In this problem, $x$ is a common base to six exponential terms and the exponent of each term is the subtraction of any two of three literals $a$, $b$ and $c$.

The exponent of each term in denominator of each term in this expression is in subtraction form.
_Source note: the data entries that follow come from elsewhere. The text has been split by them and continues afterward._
(* Let $\sigma$ be a signature containing $\triangleright$, let $\mathcal{A}$ be a $\sigma$-algebra and let $\theta$ be a representation of $\mathcal{A}$ by partial functions. Then $\theta$ is atomic if and only if $\theta$ is locally complete.
   Context: Signatures $\sigma$ are sets of operation symbols drawn from: $\triangleright$ (antidomain restriction), $;$ (composition), $\wedge$ (intersection), $\mathrm{upd}$ (update), $\sqcup$ (preferential union), $\mathsf{D}$ (domain), $\mathsf{A}$ (antidomain), interpreted on partial functions as: $f \triangleright g = \{(x,y) \in g : x \notin \mathrm{dom}(f)\}$; $f;g$ = relational composition ($f$ first); $f\wedge g = f\cap g$; $\mathrm{upd}(f,g)(x)$ is $f(x)$ if $f(x)$ defined and $g(x)$ undefined, $g(x)$ if both defined, undefined otherwise; $(f\sqcup g)(x)$ is $f(x)$ if defined, else $g(x)$; $\mathsf{D}(f)$ = identity on $\mathrm{dom}(f)$; $\mathsf{A}(f)$ = identity on the complement of $\mathrm{dom}(f)$ in the base. A representation by partial functions is an isomorphism onto a $\sigma$-algebra of partial functions with these operations. Define $0 := a\triangleright a$, $a\lhd b := (a\triangleright b)\triangleright b$, $a \le b :\iff a\lhd b = a$; for representable algebras this is a partial order with least element $0$ and $a\le b \iff \theta(a)\subseteq\theta(b)$. An atom is a minimal nonzero element; $\mathrm{At}(\mathcal{A})$ is the set of atoms. $\theta$ is atomic if whenever $(x,y)\in\theta(a)$ there is an atom $b\le a$ with $(x,y)\in\theta(b)$. For $a\in\mathcal{A}$, ${\downarrow}a=\{b:b\le a\}$ is a Boolean algebra with bottom $0$, top $a$, meet $\lhd$ and complement $b\mapsto b\triangleright a$, and $\theta$ restricts to a representation of it as a field of sets over $\theta(a)$; $\theta$ is locally complete if for every $a$ this restriction is complete (sends every existing join to the union and every existing meet of a nonempty set to the intersection). *)

(* Partial functions on a base set X are modelled as X -> option X;
   the pair (x,y) belongs to f iff f x = Some y. *)

Inductive sym : Type :=
  | SRes
  | SComp
  | SMeet
  | SUpd
  | SPref
  | SD
  | SA.

(* Only the
   symbols in sigma matter (representations only have to respect those);
   interpretations of symbols outside sigma are arbitrary and never used. *)
Record alg : Type := Alg {
  car  :> Type;
  ores  : car -> car -> car;
  ocomp : car -> car -> car;
  omeet : car -> car -> car;
  oupd  : car -> car -> car;
  opref : car -> car -> car;
  oD    : car -> car;
  oA    : car -> car
}.

Definition pfun (X : Type) := X -> option X.

Definition spec_res {X} (f g h : pfun X) : Prop :=
  forall x y, h x = Some y <-> (g x = Some y /\ f x = None).
Definition spec_comp {X} (f g h : pfun X) : Prop :=
  forall x z, h x = Some z <-> (exists y, f x = Some y /\ g y = Some z).
Definition spec_meet {X} (f g h : pfun X) : Prop :=
  forall x y, h x = Some y <-> (f x = Some y /\ g x = Some y).
Definition spec_upd {X} (f g h : pfun X) : Prop :=
  forall x y, h x = Some y <->
    ((f x = Some y /\ g x = None) \/ (f x <> None /\ g x = Some y)).
Definition spec_pref {X} (f g h : pfun X) : Prop :=
  forall x y, h x = Some y <-> (f x = Some y \/ (f x = None /\ g x = Some y)).
Definition spec_D {X} (f h : pfun X) : Prop :=
  forall x y, h x = Some y <-> (y = x /\ f x <> None).
Definition spec_A {X} (f h : pfun X) : Prop :=
  forall x y, h x = Some y <-> (y = x /\ f x = None).

Definition representation (sigma : sym -> Prop) (A : alg) (X : Type)
    (theta : A -> pfun X) : Prop :=
  (forall a b : A, theta a = theta b -> a = b) /\
  (sigma SRes  -> forall a b, spec_res  (theta a) (theta b) (theta (ores  A a b))) /\
  (sigma SComp -> forall a b, spec_comp (theta a) (theta b) (theta (ocomp A a b))) /\
  (sigma SMeet -> forall a b, spec_meet (theta a) (theta b) (theta (omeet A a b))) /\
  (sigma SUpd  -> forall a b, spec_upd  (theta a) (theta b) (theta (oupd  A a b))) /\
  (sigma SPref -> forall a b, spec_pref (theta a) (theta b) (theta (opref A a b))) /\
  (sigma SD    -> forall a, spec_D (theta a) (theta (oD A a))) /\
  (sigma SA    -> forall a, spec_A (theta a) (theta (oA A a))).

(* 0 := a |> a ;  a <| b := (a |> b) |> b ;  a <= b :<-> a <| b = a *)
Definition alg_le (A : alg) (a b : A) : Prop := ores A (ores A a b) b = a.

Definition atom (A : alg) (a : A) : Prop :=
  a <> ores A a a /\
  forall b : A, alg_le A b a -> b = ores A a a \/ b = a.

Definition atomic (A : alg) (X : Type) (theta : A -> pfun X) : Prop :=
  forall (a : A) (x y : X), theta a x = Some y ->
    exists b : A, atom A b /\ alg_le A b a /\ theta b x = Some y.

Definition is_join_below (A : alg) (a : A) (S : A -> Prop) (c : A) : Prop :=
  alg_le A c a /\ (forall s, S s -> alg_le A s c) /\
  (forall d, alg_le A d a -> (forall s, S s -> alg_le A s d) -> alg_le A c d).

Definition is_meet_below (A : alg) (a : A) (S : A -> Prop) (c : A) : Prop :=
  alg_le A c a /\ (forall s, S s -> alg_le A c s) /\
  (forall d, alg_le A d a -> (forall s, S s -> alg_le A d s) -> alg_le A d c).

Definition locally_complete (A : alg) (X : Type) (theta : A -> pfun X) : Prop :=
  forall a : A,
    (forall (S : A -> Prop) (c : A),
        (forall s, S s -> alg_le A s a) -> is_join_below A a S c ->
        forall x y, theta c x = Some y <-> exists s, S s /\ theta s x = Some y) /\
    (forall (S : A -> Prop) (c : A),
        (forall s, S s -> alg_le A s a) -> (exists s, S s) ->
        is_meet_below A a S c ->
        forall x y, theta c x = Some y <-> forall s, S s -> theta s x = Some y).

From Stdlib Require Import Classical FunctionalExtensionality.

(* From
   these, a <= b (i.e. (a |> b) |> b = a) means theta a is contained in
   theta b, and 0 = e |> e is the unique element with empty image.

   (=>) Given an atom b below some ambient element, any s below the same
   element either lies above b or has domain disjoint from b.  For a join c
   of S, if a pair (x,y) of theta c lies in no theta s, an atom b <= c
   containing it gives the smaller upper bound b |> c; for a meet, an atom
   containing a common pair lies below every member of S, hence below c.

   (<=) Fix (x,y) in theta a and let S be the relative complements d |> a of
   the d <= a containing (x,y).  An upper bound d of S in (down a) either
   lies above a, or d |> a is an atom containing (x,y) (it is a least such
   element, and least witnesses are atoms).  So if no atom works, a is the
   join of S, and local completeness puts (x,y) into some d |> a: absurd. *)

Definition included {X : Type} (f g : pfun X) : Prop :=
  forall x y, f x = Some y -> g x = Some y.

Section RestrictionRepresentation.

Variables (A : alg) (X : Type) (theta : A -> pfun X).
Hypothesis theta_inj : forall a b : A, theta a = theta b -> a = b.
Hypothesis theta_res :
  forall a b : A, spec_res (theta a) (theta b) (theta (ores A a b)).

Local Infix "|>" := (ores A) (at level 40, left associativity).
Local Infix "<=" := (alg_le A).

Lemma theta_resE (a b : A) (x : X) :
  theta (a |> b) x = match theta a x with Some _ => None | None => theta b x end.
Proof.
  destruct (theta (a |> b) x) as [y|] eqn:E.
  - apply theta_res in E as [Eb Ea]. now rewrite Ea.
  - destruct (theta a x) eqn:Ea; [reflexivity|].
    destruct (theta b x) as [y|] eqn:Eb; [|reflexivity].
    assert (theta (a |> b) x = Some y) by (apply theta_res; auto). congruence.
Qed.

Lemma le_included (a b : A) : a <= b <-> included (theta a) (theta b).
Proof.
  unfold alg_le, included. split.
  - intros H x y Hx. rewrite <- H, !theta_resE in Hx.
    destruct (theta a x), (theta b x); congruence.
  - intros H. apply theta_inj, functional_extensionality. intros x.
    rewrite !theta_resE. destruct (theta a x) eqn:Ea.
    + rewrite (H _ _ Ea). reflexivity.
    + destruct (theta b x); reflexivity.
Qed.

Lemma le_apply (a b : A) (x y : X) : a <= b -> theta a x = Some y -> theta b x = Some y.
Proof. intros H. exact (proj1 (le_included a b) H x y). Qed.

Lemma le_trans (a b c : A) : a <= b -> b <= c -> a <= c.
Proof.
  rewrite !le_included. intros Hab Hbc x y Hx. exact (Hbc _ _ (Hab _ _ Hx)).
Qed.

Lemma res_le (b a : A) : b |> a <= a.
Proof.
  apply le_included. intros x y. rewrite theta_resE.
  destruct (theta b x); congruence.
Qed.

Lemma theta_zero (e : A) (x : X) : theta (e |> e) x = None.
Proof. rewrite theta_resE. destruct (theta e x); reflexivity. Qed.

Lemma empty_is_zero (b e : A) : (forall x, theta b x = None) -> b = e |> e.
Proof.
  intros H. apply theta_inj, functional_extensionality. intros x.
  now rewrite H, theta_zero.
Qed.

Lemma atom_dichotomy (b s c : A) :
  atom A b -> b <= c -> s <= c ->
  b <= s \/ (forall u, theta b u <> None -> theta s u = None).
Proof.
  intros [_ Hmin] Hbc Hsc.
  destruct (Hmin ((s |> b) |> b) (res_le _ _)) as [Z|Z].
  - right. intros u Hu. pose proof (theta_zero b u) as Zu.
    rewrite <- Z, !theta_resE in Zu.
    destruct (theta s u), (theta b u); congruence.
  - left. apply le_included. intros u v Hv.
    assert (Hr := Hv). rewrite <- Z, !theta_resE, Hv in Hr.
    destruct (theta s u) as [w|] eqn:Es; [|discriminate].
    pose proof (le_apply _ _ _ _ Hbc Hv). pose proof (le_apply _ _ _ _ Hsc Es).
    congruence.
Qed.

Lemma atomic_join_union (a : A) (S : A -> Prop) (c : A) (x y : X) :
  atomic A X theta -> is_join_below A a S c -> theta c x = Some y ->
  exists s, S s /\ theta s x = Some y.
Proof.
  intros Hat [Hca [Hup Hleast]] Hc.
  destruct (Hat c x y Hc) as [b [Hb [Hbc Hbx]]].
  apply NNPP. intros Hnone.
  assert (Hdisj : forall s, S s -> forall u, theta b u <> None -> theta s u = None).
  { intros s Hs. destruct (atom_dichotomy b s c Hb Hbc (Hup s Hs)) as [Hbs|Hd].
    - exfalso. apply Hnone. exists s. split; [exact Hs|]. exact (le_apply _ _ _ _ Hbs Hbx).
    - exact Hd. }
  assert (Hcb : c <= b |> c).
  { apply Hleast.
    - exact (le_trans _ _ _ (res_le b c) Hca).
    - intros s Hs. apply le_included. intros u v Hv. rewrite theta_resE.
      destruct (theta b u) eqn:Eb.
      + rewrite (Hdisj s Hs u) in Hv; congruence.
      + exact (le_apply _ _ _ _ (Hup s Hs) Hv). }
  pose proof (le_apply _ _ _ _ Hcb Hc) as Hx.
  rewrite theta_resE, Hbx in Hx. discriminate.
Qed.

Lemma atomic_meet_intersection (a : A) (S : A -> Prop) (c : A) (x y : X) :
  atomic A X theta -> (forall s, S s -> s <= a) -> (exists s, S s) ->
  is_meet_below A a S c -> (forall s, S s -> theta s x = Some y) ->
  theta c x = Some y.
Proof.
  intros Hat HS [s0 Hs0] [_ [_ Hgreat]] Hall.
  assert (Hax : theta a x = Some y) by exact (le_apply _ _ _ _ (HS s0 Hs0) (Hall s0 Hs0)).
  destruct (Hat a x y Hax) as [b [Hb [Hba Hbx]]].
  apply (le_apply b c); [|exact Hbx].
  apply Hgreat; [exact Hba|]. intros s Hs.
  destruct (atom_dichotomy b s a Hb Hba (HS s Hs)) as [Hbs|Hd]; [exact Hbs|].
  exfalso. pose proof (Hall s Hs) as Hsx. rewrite (Hd x) in Hsx; congruence.
Qed.

Lemma least_witness_atom (m : A) (x y : X) :
  theta m x = Some y ->
  (forall f, f <= m -> theta f x = Some y -> m <= f) -> atom A m.
Proof.
  intros Hmx Hleast. split.
  - intros Z. rewrite Z, theta_zero in Hmx. discriminate.
  - intros f Hfm. destruct (theta f x) as [w|] eqn:Efx.
    + right. assert (w = y) by (pose proof (le_apply _ _ _ _ Hfm Efx); congruence).
      subst w. apply theta_inj, functional_extensionality. intros u.
      destruct (theta f u) as [v|] eqn:Efu.
      * symmetry. exact (le_apply _ _ _ _ Hfm Efu).
      * destruct (theta m u) as [v|] eqn:Emu; [|reflexivity].
        apply (le_apply _ _ _ _ (Hleast f Hfm Efx)) in Emu. congruence.
    + left. apply empty_is_zero. intros u.
      destruct (theta f u) as [v|] eqn:Efu; [|reflexivity].
      assert (Hc : theta (f |> m) x = Some y) by (rewrite theta_resE, Efx; exact Hmx).
      pose proof (le_apply _ _ _ _ (Hleast _ (res_le f m) Hc) (le_apply _ _ _ _ Hfm Efu))
        as Hu.
      rewrite theta_resE, Efu in Hu. discriminate.
Qed.

Definition complements_of_witnesses (a : A) (x y : X) (e : A) : Prop :=
  exists d, d <= a /\ theta d x = Some y /\ e = d |> a.

Lemma complement_bound_dichotomy (a d : A) (x y : X) :
  theta a x = Some y -> d <= a ->
  (forall e, complements_of_witnesses a x y e -> e <= d) ->
  a <= d \/ (atom A (d |> a) /\ theta (d |> a) x = Some y).
Proof.
  intros Hax Hda Hup.
  assert (Hcompl : forall f u v, f <= a -> theta f x = Some y ->
                   theta f u = None -> theta a u = Some v -> theta d u = Some v).
  { intros f u v Hfa Hfx Hfu Hau. apply (le_apply (f |> a)).
    - apply Hup. exists f. auto.
    - rewrite theta_resE, Hfu. exact Hau. }
  destruct (theta d x) as [w|] eqn:Edx.
  - left. assert (w = y) by (pose proof (le_apply _ _ _ _ Hda Edx); congruence).
    subst w. apply le_included. intros u v Hau.
    destruct (theta d u) as [v'|] eqn:Edu.
    + pose proof (le_apply _ _ _ _ Hda Edu). congruence.
    + pose proof (Hcompl d u v Hda Edx Edu Hau). congruence.
  - right. assert (Hx : theta (d |> a) x = Some y) by (rewrite theta_resE, Edx; exact Hax).
    split; [|exact Hx].
    apply (least_witness_atom _ x y Hx). intros f Hf Hfx.
    apply le_included. intros u v Hu.
    assert (Hdu : theta d u = None) by (rewrite theta_resE in Hu; destruct (theta d u); congruence).
    destruct (theta f u) as [v'|] eqn:Efu.
    + pose proof (le_apply _ _ _ _ Hf Efu). congruence.
    + pose proof (Hcompl f u v (le_trans _ _ _ Hf (res_le d a)) Hfx Efu
                    (le_apply _ _ _ _ (res_le d a) Hu)). congruence.
Qed.

Lemma locally_complete_atomic :
  locally_complete A X theta -> atomic A X theta.
Proof.
  intros Hlc a x y Hax. apply NNPP. intros Hno.
  set (S := complements_of_witnesses a x y).
  assert (HS : forall e, S e -> e <= a) by (intros e [d [_ [_ ->]]]; apply res_le).
  assert (Hjoin : is_join_below A a S a).
  { split; [apply le_included; intros u v Hu; exact Hu|]. split; [exact HS|].
    intros d Hda Hd.
    destruct (complement_bound_dichotomy a d x y Hax Hda Hd) as [Had|[Hat Hx]];
      [exact Had|].
    exfalso. apply Hno. exists (d |> a). auto using res_le. }
  destruct (proj1 (proj1 (Hlc a) S a HS Hjoin x y) Hax) as [e [[d [_ [Hdx ->]]] He]].
  rewrite theta_resE, Hdx in He. discriminate.
Qed.

Lemma atomic_locally_complete :
  atomic A X theta -> locally_complete A X theta.
Proof.
  intros Hat a. split.
  - intros S c _ Hjoin x y. split.
    + exact (atomic_join_union a S c x y Hat Hjoin).
    + intros [s [Hs Hsx]]. exact (le_apply _ _ _ _ (proj1 (proj2 Hjoin) s Hs) Hsx).
  - intros S c HS Hne Hmeet x y. split.
    + intros Hc s Hs. exact (le_apply _ _ _ _ (proj1 (proj2 Hmeet) s Hs) Hc).
    + exact (atomic_meet_intersection a S c x y Hat HS Hne Hmeet).
Qed.

End RestrictionRepresentation.

Theorem proposition4p4 (sigma : sym -> Prop) (A : alg) (X : Type)
    (theta : A -> pfun X) :
  sigma SRes -> representation sigma A X theta ->
  (atomic A X theta <-> locally_complete A X theta).
Proof.
  intros Hres [Hinj [Hspec _]].
  split.
  - exact (atomic_locally_complete A X theta Hinj (Hspec Hres)).
  - exact (locally_complete_atomic A X theta Hinj (Hspec Hres)).
Qed.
Use division rule of exponents to express each term in division form of two exponential terms having same base.

$= \dfrac{1}{1+\dfrac{x^b}{x^a}+\dfrac{x^c}{x^a}}$ $+$ $\dfrac{1}{1+\dfrac{x^a}{x^b}+\dfrac{x^c}{x^b}}$ $+$ $\dfrac{1}{1+\dfrac{x^a}{x^c}+\dfrac{x^b}{x^c}}$

$= \dfrac{1}{\dfrac{x^a+x^b+x^c}{x^a}}$ $+$ $\dfrac{1}{\dfrac{x^b+x^a+x^c}{x^b}}$ $+$ $\dfrac{1}{\dfrac{x^c+x^a+x^b}{x^c}}$

$= \dfrac{x^a}{x^a+x^b+x^c}$ $+$ $\dfrac{x^b}{x^b+x^a+x^c}$ $+$ $\dfrac{x^c}{x^c+x^a+x^b}$

Arrange the three exponential terms in denominator in an order to simplify it easily.
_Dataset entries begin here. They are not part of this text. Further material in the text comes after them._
(* Let $a<b$, $c<d$, $C\in\mathbb{R}\setminus\{0\}$, $\Delta=\max\{b-a,d-c\}$, and let $N\ge2$ be an integer. Let $(p,q)$ be a pair of real sequences with $p_0=q_0$ and with $\|(p,q)\|_\gamma<\infty$ for some integer $\gamma\ge1$, where $$\|(p,q)\|_\gamma=\max\Big\{\sup_{n\ge0}\Big|\frac{(n!)^2p_n}{(\gamma|C|\Delta)^n}\Big|,\ \sup_{n\ge0}\Big|\frac{(n!)^2q_n}{(\gamma|C|\Delta)^n}\Big|\Big\}.$$ Let $k$ be the solution of the Goursat problem $\partial^2k/\partial s\partial t=Ck$ on $[a,b]\times[c,d]$ with $k(s,c)=\sum_{n\ge0}p_n(s-a)^n$ and $k(a,t)=\sum_{n\ge0}q_n(t-c)^n$. For $0\le n\le N$ set $$\hat p_n=\sum_{k=0}^{n}p_k\frac{(C(d-c))^{n-k}k!}{(n-k)!\,n!}+\sum_{k=1}^{N}q_k\frac{C^n(d-c)^{n+k}k!}{(n+k)!\,n!},\qquad \hat q_n=\sum_{k=0}^{n}q_k\frac{(C(b-a))^{n-k}k!}{(n-k)!\,n!}+\sum_{k=1}^{N}p_k\frac{C^n(b-a)^{n+k}k!}{(n+k)!\,n!},$$ and $\hat k^N(b,d)=\frac12\sum_{n=0}^N\big(\hat p_n(b-a)^n+\hat q_n(d-c)^n\big)$. Then $$|k(b,d)-\hat k^N(b,d)|\le 2\|(p,q)\|_\gamma\,I_0(2\sqrt{\gamma|C|}\Delta)\,I_0(2\sqrt{(\gamma+1)|C|}\Delta)\,\frac{(|C|\Delta^2)^{N+1}(\gamma+1)^{N+1}}{[(N+1)!]^2}.$$
   Context: The solution of the Goursat problem is the continuous function $k$ on $[a,b]\times[c,d]$ with $k(s,t)=k(s,c)+k(a,t)-k(a,c)+C\int_a^s\int_c^t k(r,w)\,dw\,dr$. $I_0$ is the zero-order modified Bessel function of the first kind, $I_0(2z)=\sum_{k\ge0}z^{2k}/(k!)^2$. The quantities $\hat p,\hat q$ are the order-$N$ truncations of the boundary coefficient map applied to the order-$N$ truncated input coefficients. *)

From Stdlib Require Import Reals Arith Factorial.
From Coquelicot Require Import Coquelicot.
Open Scope R_scope.

Definition I0 (x : R) : R :=
  Series (fun k => (x / 2) ^ (2 * k) / (INR (fact k)) ^ 2).

Definition pq_weighted (gamma C Delta : R) (p q : nat -> R) (n : nat) : R :=
  Rmax (Rabs ((INR (fact n)) ^ 2 * p n / (gamma * Rabs C * Delta) ^ n))
       (Rabs ((INR (fact n)) ^ 2 * q n / (gamma * Rabs C * Delta) ^ n)).

Definition pq_norm_Rbar (gamma C Delta : R) (p q : nat -> R) : Rbar :=
  Sup_seq (pq_weighted gamma C Delta p q).

(* Its real value (meaningful when the supremum is finite). *)
Definition pq_norm (gamma C Delta : R) (p q : nat -> R) : R :=
  real (pq_norm_Rbar gamma C Delta p q).

Definition cont_on_rect (k : R -> R -> R) (a b c d : R) : Prop :=
  forall s t, a <= s <= b -> c <= t <= d ->
    filterlim (fun z : R * R => k (fst z) (snd z))
      (within (fun z : R * R => a <= fst z <= b /\ c <= snd z <= d)
              (locally (s, t)))
      (locally (k s t)).

(* k solves the Goursat problem d^2k/dsdt = C k on [a,b]x[c,d] in the
   integral-equation sense of the paper. *)
Definition goursat_solution (k : R -> R -> R) (a b c d C : R) : Prop :=
  cont_on_rect k a b c d /\
  forall s t, a <= s <= b -> c <= t <= d ->
    k s t = k s c + k a t - k a c
            + C * RInt (fun r => RInt (fun w => k r w) c t) a s.

Definition p_hat (N : nat) (a b c d C : R) (p q : nat -> R) (n : nat) : R :=
  sum_n (fun j => p j * (C * (d - c)) ^ (n - j) * INR (fact j)
                   / (INR (fact (n - j)) * INR (fact n))) n
  + sum_n_m (fun j => q j * C ^ n * (d - c) ^ (n + j) * INR (fact j)
                   / (INR (fact (n + j)) * INR (fact n))) 1 N.

Definition q_hat (N : nat) (a b c d C : R) (p q : nat -> R) (n : nat) : R :=
  sum_n (fun j => q j * (C * (b - a)) ^ (n - j) * INR (fact j)
                   / (INR (fact (n - j)) * INR (fact n))) n
  + sum_n_m (fun j => p j * C ^ n * (b - a) ^ (n + j) * INR (fact j)
                   / (INR (fact (n + j)) * INR (fact n))) 1 N.

Definition k_hat (N : nat) (a b c d C : R) (p q : nat -> R) : R :=
  / 2 * sum_n (fun n => p_hat N a b c d C p q n * (b - a) ^ n
                        + q_hat N a b c d C p q n * (d - c) ^ n) N.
$= \dfrac{x^a}{x^a+x^b+x^c}$ $+$ $\dfrac{x^b}{x^a+x^b+x^c}$ $+$ $\dfrac{x^c}{x^a+x^b+x^c}$

$= \dfrac{x^a+x^b+x^c}{x^a+x^b+x^c}$

$\require{cancel} = \dfrac{\cancel{x^a+x^b+x^c}}{\cancel{x^a+x^b+x^c}}$

The quantity in numerator and denominator is same. So, the quotient of them is one.

$\therefore \,\,\,\,\,\,$ $\dfrac{1}{1+x^{b-a}+x^{c-a}}$ $+$ $\dfrac{1}{1+x^{a-b}+x^{c-b}}$ $+$ $\dfrac{1}{1+x^{a-c}+x^{b-c}}$ $=$ $1$

The problem can also be simplified in another method.

$\dfrac{1}{1+x^{b-a}+x^{c-a}}$ $+$ $\dfrac{1}{1+x^{a-b}+x^{c-b}}$ $+$ $\dfrac{1}{1+x^{a-c}+x^{b-c}}$

Observe the formation of each term in denominator of each term of this expression. The first term is one and the remaining two terms have a common base but each exponential term contains a quantity which can be obtained by the subtraction of two literals.

Try to write the number $1$ in exponential form similar to remaining to exponential terms by using zero exponent rule.

$(1)\,\,\,\,\,\,$ $1 = x^0 = x^{a-a}$

$(2)\,\,\,\,\,\,$ $1 = x^0 = x^{b-b}$

$(3)\,\,\,\,\,\,$ $1 = x^0 = x^{c-c}$

$= \dfrac{1}{x^{a-a}+x^{b-a}+x^{c-a}}$ $+$ $\dfrac{1}{x^{b-b}+x^{a-b}+x^{c-b}}$ $+$ $\dfrac{1}{x^{c-c}+x^{a-c}+x^{b-c}}$

Apply the product rule of exponents and express each exponential term as a product of two exponential terms.

$= \dfrac{1}{x^a \times x^{-a}+x^b \times x^{-a}+x^c \times x^{-a}}$ $+$ $\dfrac{1}{x^b \times x^{-b}+x^a \times x^{-b}+x^c \times x^{-b}}$ $+$ $\dfrac{1}{x^c \times x^{-c}+x^a \times x^{-c}+x^b \times x^{-c}}$

Take, $x^{-a}$, $x^{-b}$ and $x^{-c}$ common from each term of denominators of three terms of the expression.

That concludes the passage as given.